Conclusion: Pneumococcal and influenza vaccination coverage of adults at risk of pneumococcal disease fell well below public health expectations. Invitations for pneumococcal vaccination should be sent by the NHI to high-risk patients. Patient management protocols should include pneumococcal vaccination. Patients with multiple comorbidities are a high-priority population given the large potential health gains offered by pneumococcal vaccination. Commitment of both scientific societies and health authorities is urgently needed to increase vaccination coverage in at-risk populations.
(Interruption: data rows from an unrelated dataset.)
Arguments germ1 {M Y i1 i2} f1 f2.
Arguments germ2 {M Y i1 i2 j1 j2} f1 f2.
Arguments germ3 {M Y i1 i2 i3 j1 j2 j3} f1 f2.

(** A morphism of pro-modules  M -> N : an element of
    lim_j colim_i Hom_R(M_i, N_j), given by representatives. *)
Record proHom (M N : proSys) := ProHom {
  hidx : idx N -> idx M;
  hmap : forall j, obj (hidx j) -> obj j;
  hmap_lin : forall j (a : R) (x y : obj (hidx j)),
      hmap j (a *: x + y) = a *: hmap j x + hmap j y;
  hmap_compat : forall j j' (h : le j' j),
      germ1 (fun x => tr h (hmap j' x)) (hmap j)
}.

Arguments hidx {M N} p j.
Arguments hmap {M N} p j x.

Definition proInverse {M N : proSys} (phi : proHom M N) (psi : proHom N M) :=
  (forall i : idx M,
     germ1 (fun x => hmap psi i (hmap phi (hidx psi i) x)) (fun x : obj i => x))
  /\ (forall j : idx N,
     germ1 (fun x => hmap phi j (hmap psi (hidx phi j) x)) (fun x : obj j => x)).

Definition proIso (M N : proSys) : Prop :=
  exists (phi : proHom M N) (psi : proHom N M), proInverse phi psi.

Definition surj_trans (N : proSys) : Prop :=
  forall (i j : idx N) (h : le i j) (y : obj j), exists x, tr h x = y.

Definition mittag_leffler (M : proSys) : Prop :=
  exists N : proSys, surj_trans N /\ proIso M N.
Lemma cramer_sq_Gop_le (p q : 'I_m -> 'I_d -> R) B :
  (forall j, \sum_l p j l = \sum_l q j l) -> (forall j, cramer_sq (p j) (q j) <= B) ->
  forall i, cramer_sq (G p i) (G q i) <= B.
Proof.
move=> pq_mass pq_le i; have [P_ge0 P_sum1] := P_stochastic.
pose mix (r : 'I_m -> 'I_d -> R) j k :=
  \sum_(b <- nus i j) nuf i j b * Lb theta0 Delta b (r j) k.
have mix_le j : cramer_sq (mix p j) (mix q j) <= B.
  have [_ _ nuf_ge0 nuf_sum1] := nu_law i j.
  apply: (@le_trans _ _ (\sum_(b <- nus i j) nuf i j b *
            cramer_sq (Lb theta0 Delta b (p j)) (Lb theta0 Delta b (q j)))).
    by apply: cramer_sq_mixture_le => //; rewrite nuf_sum1.
  rewrite -[X in _ <= X]mul1r -nuf_sum1 mulr_suml; apply: ler_sum => b _.
  by rewrite ler_wpM2l // (le_trans (cramer_sq_Lb _ _ _ _)).
apply: (@le_trans _ _ (\sum_j P i j * cramer_sq (mix p j) (mix q j))).
  by apply: cramer_sq_mixture_le => // [|k|k]; rewrite ?P_sum1 ?GopE.
rewrite -[X in _ <= X]mul1r -(P_sum1 i) mulr_suml; apply: ler_sum => j _.
exact: ler_wpM2l.
Qed.

Lemma cramer_sq_hrho_le (p q : 'I_m -> 'I_d -> R) B : (forall i, 0 <= rho i <= 1) ->
  (forall j, \sum_l p j l = \sum_l q j l) -> (forall j, cramer_sq (p j) (q j) <= B) ->
  forall i, cramer_sq (h p i) (h q i) <= B.
Proof.
move=> rho01 pq_mass pq_le i; have /andP[rho_ge0 rho_le1] := rho01 i.
have rhoC_ge0 : 0 <= 1 - rho i by rewrite subr_ge0.
pose w (c : bool) := if c then rho i else 1 - rho i.
apply: (@le_trans _ _ (\sum_(c <- [:: false; true])
  w c * cramer_sq (if c then G p i else p i) (if c then G q i else q i))).
  apply: cramer_sq_mixture_le => [c|||] *; rewrite ?big_cons ?big_nil /w /=;
    by [case: c | lra | rewrite addr0].
rewrite !big_cons big_nil addr0 /w /=.
have := ler_wpM2l rho_ge0 (cramer_sq_Gop_le pq_mass pq_le i).
have := ler_wpM2l rhoC_ge0 (pq_le i).
lra.
Qed.

Lemma hrho_nonexpansive (p q : 'I_m -> 'I_d -> R) :
  prob_vec rho -> simplexS p -> simplexS q -> lCinf Delta (h p) (h q) <= lCinf Delta p q.
Proof.
move=> rho_prob p_simplex q_simplex; apply: lCinf_le => // B.
apply: cramer_sq_hrho_le; first exact: prob_vec_le1.
by move=> j; rewrite (proj2 (p_simplex j)) (proj2 (q_simplex j)).
Qed.

Lemma prop5_concl_of_gt0 : prob_vec rho -> (forall i, 0 < rho i) ->
  prop5_concl d theta0 Delta P nuf nus rho.
Proof.
move=> rho_prob rho_gt0; split=> [qY sY Y_qY p _ u k|p q|p _].
- exact: EH_hrho.
- exact: hrho_nonexpansive.
- exact: is_fix_hrho.
Qed.

End MeanField.

Section StationaryDistribution.
Variables (R : realType) (m : nat) (P : 'M[R]_m) (mu : 'I_m -> R).

Lemma mxpowSE n i j : (P ^+ n.+1) i j = \sum_k (P ^+ n) i k * P k j.
Proof. by rewrite exprSr -mulmxE mxE. Qed.

Lemma stochastic_mxpow_ge0 n i j : stochastic P -> 0 <= (P ^+ n) i j.
Proof.
case=> P_ge0 _; elim: n i j => [|n IHn] i j; first by rewrite expr0 mxE ler0n.
by rewrite mxpowSE; apply: sumr_ge0 => k _; rewrite mulr_ge0.
Qed.

Lemma stationary_mxpow n j : stationary P mu -> \sum_i mu i * (P ^+ n) i j = mu j.
Proof.
case=> _ mu_inv; elim: n j => [|n IHn] j.
  rewrite (bigD1 j) //= expr0 mxE eqxx mulr1 big1 ?addr0 // => i /negbTE ij.
  by rewrite mxE ij mulr0.
rewrite -mu_inv; under eq_bigr do rewrite mxpowSE mulr_sumr.
rewrite exchange_big; apply: eq_bigr => k _; rewrite -IHn mulr_suml.
by apply: eq_bigr => i _; rewrite mulrA.
Qed.

(* Some state has positive mass, and irreducibility carries it to every state. *)
Lemma stationary_gt0 : stochastic P -> irreducible P -> stationary P mu ->
  forall i, 0 < mu i.
Proof.
move=> P_stoch P_irr mu_stat j; have [[mu_ge0 mu_sum1] _] := mu_stat.
have [i0 mu_i0_gt0] : exists i0, 0 < mu i0.
  apply/existsP; apply: contraT; rewrite negb_exists => /forallP mu_le0.
  suff: \sum_i mu i = 0 by rewrite mu_sum1 => /eqP; rewrite oner_eq0.
  by apply: big1 => i _; apply/eqP; rewrite eq_le mu_ge0 andbT leNgt mu_le0.
have [n Pn_gt0] := P_irr i0 j.
rewrite -(stationary_mxpow n j mu_stat) (bigD1 i0) //=.
rewrite ltr_pwDl ?mulr_gt0 // sumr_ge0 // => i _.
by rewrite mulr_ge0 ?stochastic_mxpow_ge0.
Qed.

End StationaryDistribution.

Lemma fin_law_nu (R : realType) (f : R -> R) (s : seq R) (r : R) :
  fin_law f s -> fin_law (nu_mass f r) (nu_supp s r).
Proof.
case=> s_uniq f_out f_ge0 f_sum1; split => [||b|].
- by rewrite map_inj_uniq // => x y /addIr.
- move=> b b_out; apply: f_out; apply: contra b_out => b_s.
  by rewrite -[b](addrK r); exact: map_f.
- exact: f_ge0.
- by rewrite /nu_supp big_map -f_sum1; apply: eq_bigr => x _; rewrite /nu_mass subrK.
Qed.

Theorem proposition5 (R : realType) (m d : nat) (theta0 Delta : R)
  (P : 'M[R]_m) (mu : 'I_m -> R)
  (f : 'I_m -> 'I_m -> R -> R) (s : 'I_m -> 'I_m -> seq R) :
  0 < Delta ->
  stochastic P -> irreducible P -> aperiodic P -> stationary P mu ->
  (forall i j, fin_law (f i j) (s i j)) ->
  (forall i j x, x \in s i j -> 0 <= x <= 1) ->
  let rbar := gain P mu f s in
  let nuf := fun i j => nu_mass (f i j) rbar in
  let nus := fun i j => nu_supp (s i j) rbar in
  (forall rho : 'I_m -> R, prob_vec rho -> (forall i, 0 < rho i) ->
     prop5_concl d theta0 Delta P nuf nus rho)
  /\ prop5_concl d theta0 Delta P nuf nus mu.
Proof.
move=> Delta_gt0 P_stoch P_irr _ mu_stat f_law _ rbar nuf nus.
have nu_law i j : fin_law (nuf i j) (nus i j) by exact: fin_law_nu.
have concl rho : prob_vec rho -> (forall i, 0 < rho i) ->
    prop5_concl d theta0 Delta P nuf nus rho.
  exact: prop5_concl_of_gt0.
split; first exact: concl.
by apply: concl; [case: mu_stat | exact: stationary_gt0 P_stoch P_irr mu_stat].
Qed.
Keywords: Immunocompromised; Influenza; Pneumococcal infection; SNDS; Vaccine.
Copyright © 2022 The Authors. Published by Elsevier Ltd.. All rights reserved.
Conflict of interest statement
Declaration of Competing Interest The authors declare the following financial interests/personal relationships which may be considered as potential competing interests: Benjamin Wyplosz reports consulting fees from Pfizer; Payment or honoraria for lectures, presentations, speakers bureaus, manuscript writing or educational events from Pfizer, GSK, and Sanofi-Pasteur; Support for attending meetings and/or travel from Pfizer. Jérôme Fernandes reports support for the present manuscript (e.g., funding, provision of study materials, medical writing, article processing charges, etc.) from HEVA (personal fees); consulting fees from Astellas Pharma and Takeda. Ariane Sultan reports consulting fees (honoraria) from Pfizer, MSD, Lilly, Novo, Amgen, Sanofi, Servier, Urgo, Astra-Zeneca; honoraria for lectures, presentations, speakers bureaus, manuscript writing or educational events from Pfizer, MSD, Lilly, Novo, Amgen, Sanofi, Servier, Urgo, Astra-Zeneca; Support for attending meetings and/or travel from Lilly, Novo, Sanofi, MSD; Participation on a Data Safety Monitoring Board or Advisory Board (honoraria) from Pfizer, MSD, Lilly, Novo, GSK, Sanofi, Amgen. Nicolas Roche reports grants or contracts (to his research institute) from GSK, Boehringer Ingelheim, Pfizer, Novartis; consulting fees from Boehringer Ingelheim, Novartis, Pfizer, Teva, GSK, AstraZeneca, Chiesi, Sanofi, Zambon; Payment or honoraria for lectures, presentations, speakers bureaus, manuscript writing or educational events from Boehringer Ingelheim, Novartis, Pfizer, Teva, GSK, AstraZeneca, Chiesi, Sanofi, Zambon.